The House has voted to impeach President Trump. The historical significance of this event lies mainly in the fact that, until now, no president has been impeached without some allegation in an article of impeachment that he committed a crime. This was also the first impeachment proceeding that had no support in the House from a single member of the president’s party.
Legal scholars disagree as to whether impeachment requires a crime. However, the Constitution provides that impeachment of a president is to be for “treason, bribery, or other high crimes and misdemeanors.” I find it hard to read this language as permitting impeachment in the absence of the two crimes specified or another significant crime.
Moreover, as Ted Cruz pointed out during a discussion at the Heritage Foundation earlier this week, the framers of the Constitution rejected a draft that called for impeachment for “corruption,” as well as a draft that called for it in cases of “maladministration.”
It seems to me that the Democrats have impeached Trump for some combination (as they see it) of corruption and maladministration.
For purposes of housekeeping, let’s take a look at the vote.
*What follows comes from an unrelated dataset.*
(* Every consistent theory $T$ of $L([1],[\omega],\mathtt u,\mathtt U)$ can be extended to a complete theory, i.e. there is a theory $T^*\supseteq T$ that is consistent and such that for every formula $\phi$, $T^*\vdash\phi$ or $T^*\vdash\neg\phi$.
   Context: Fix $Var=\{p_n : n\in\omega\}$. The formulas of $L([1],[\omega],\mathtt u,\mathtt U)$ form the smallest set containing $Var$ and closed under $\neg\phi$, $[1]\phi$, $[\omega]\phi$, $(\phi\wedge\psi)$, $(\phi\,\mathtt u\,\psi)$, $(\phi\,\mathtt U\,\psi)$. Abbreviations: $\vee,\to,\leftrightarrow$ as usual; $\mathtt f\phi:=(\phi\to\phi)\,\mathtt u\,\phi$, $\mathtt g\phi:=\neg\mathtt f\neg\phi$; $[a]^0\phi:=\phi$, $[a]^{n+1}\phi:=[a][a]^n\phi$ for $a\in\{1,\omega\}$. A theory is a nonempty set of formulas. Proof system. Axioms: all instances of A1 substitution instances of classical tautologies; A2 $[1][\omega]\phi\leftrightarrow[\omega]\phi$; A3 $\neg[a]\phi\leftrightarrow[a]\neg\phi$ ($a\in\{1,\omega\}$); A4 $[a](\phi*\psi)\leftrightarrow([a]\phi*[a]\psi)$ ($a\in\{1,\omega\}$, $*\in\{\wedge,\vee,\to,\leftrightarrow\}$); A5 $\psi\to\phi\,\mathtt u\,\psi$; A6 $\phi\,\mathtt u\,\psi\to\phi\,\mathtt U\,\psi$; A7 $\big(\bigwedge_{k=0}^n[1]^k(\phi\wedge\neg\psi)\wedge[1]^{n+1}\psi\big)\to\phi\,\mathtt u\,\psi$ ($n\in\omega$); A8 $\big(\bigwedge_{k=0}^n[\omega]^k\mathtt g(\phi\wedge\neg\psi)\wedge[\omega]^{n+1}(\phi\,\mathtt u\,\psi)\big)\to\phi\,\mathtt U\,\psi$ ($n\in\omega$). Rules: R1 from $\phi$ and $\phi\to\psi$ infer $\psi$; R2 from $\phi$ infer $[a]\phi$, $a\in\{1,\omega\}$; R3 from $\theta\to\neg\psi$ and all $\theta\to\big(\bigvee_{k=0}^n[1]^k(\neg\phi\vee\psi)\vee[1]^{n+1}\neg\psi\big)$, $n\in\omega$, infer $\theta\to\neg(\phi\,\mathtt u\,\psi)$; R4 from $\theta\to\neg(\phi\,\mathtt u\,\psi)$ and all $\theta\to\big(\bigvee_{k=0}^n[\omega]^k\neg\mathtt g(\phi\wedge\neg\psi)\vee[\omega]^{n+1}\neg(\phi\,\mathtt u\,\psi)\big)$, $n\in\omega$, infer $\theta\to\neg(\phi\,\mathtt U\,\psi)$. $\vdash\phi$ ($\phi$ is a theorem) iff there is a sequence $(\phi_\beta)_{\beta\le\alpha}$, $\alpha$ a countable ordinal, with $\phi_\alpha=\phi$ and each $\phi_\beta$ an axiom or obtained from earlier members by a rule. $T\vdash\phi$ iff there is such a sequence in which each member is an axiom, a member of $T$, or obtained from earlier members by a rule, where R2 may only be applied to theorems. A theory $T$ is consistent iff there is no formula $\chi$ with $T\vdash\chi$ and $T\vdash\neg\chi$. *)

From Stdlib Require Import Bool.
On the first article of impeachment — for “abuse of power” — it was 230 to 197. Two Democrats — Collin Peterson of Minnesota and Jeff Van Drew of New Jersey — voted against impeachment. No Republican voted for impeachment, but ex-Republican Justin Amash of Michigan, now an independent, did.
Tulsi Gabbard took a page from the Barack Obama playbook and voted “present.”
The second article called for Trump to be impeached for exercising his right to have a dispute with Congress resolved by the courts. The vote on this absurdity was 229 to 198. Jared Golden of Maine was the Democrat who voted for the first article but not the second.
The Washington Post celebrates the impeachment by claiming that the House’s purely partisan move “creat[es] an indelible stain on [Trump’s] presidency.” I doubt it.
Trump is the third president in the past 45 years to have gone through impeachment proceedings, and the third of the last eight elected presidents to experience this. The proportion of such presidents is likely to increase during the next half century.
Impeachment isn’t what it used to be. In fact, absent conviction by the Senate, it’s no longer very much at all.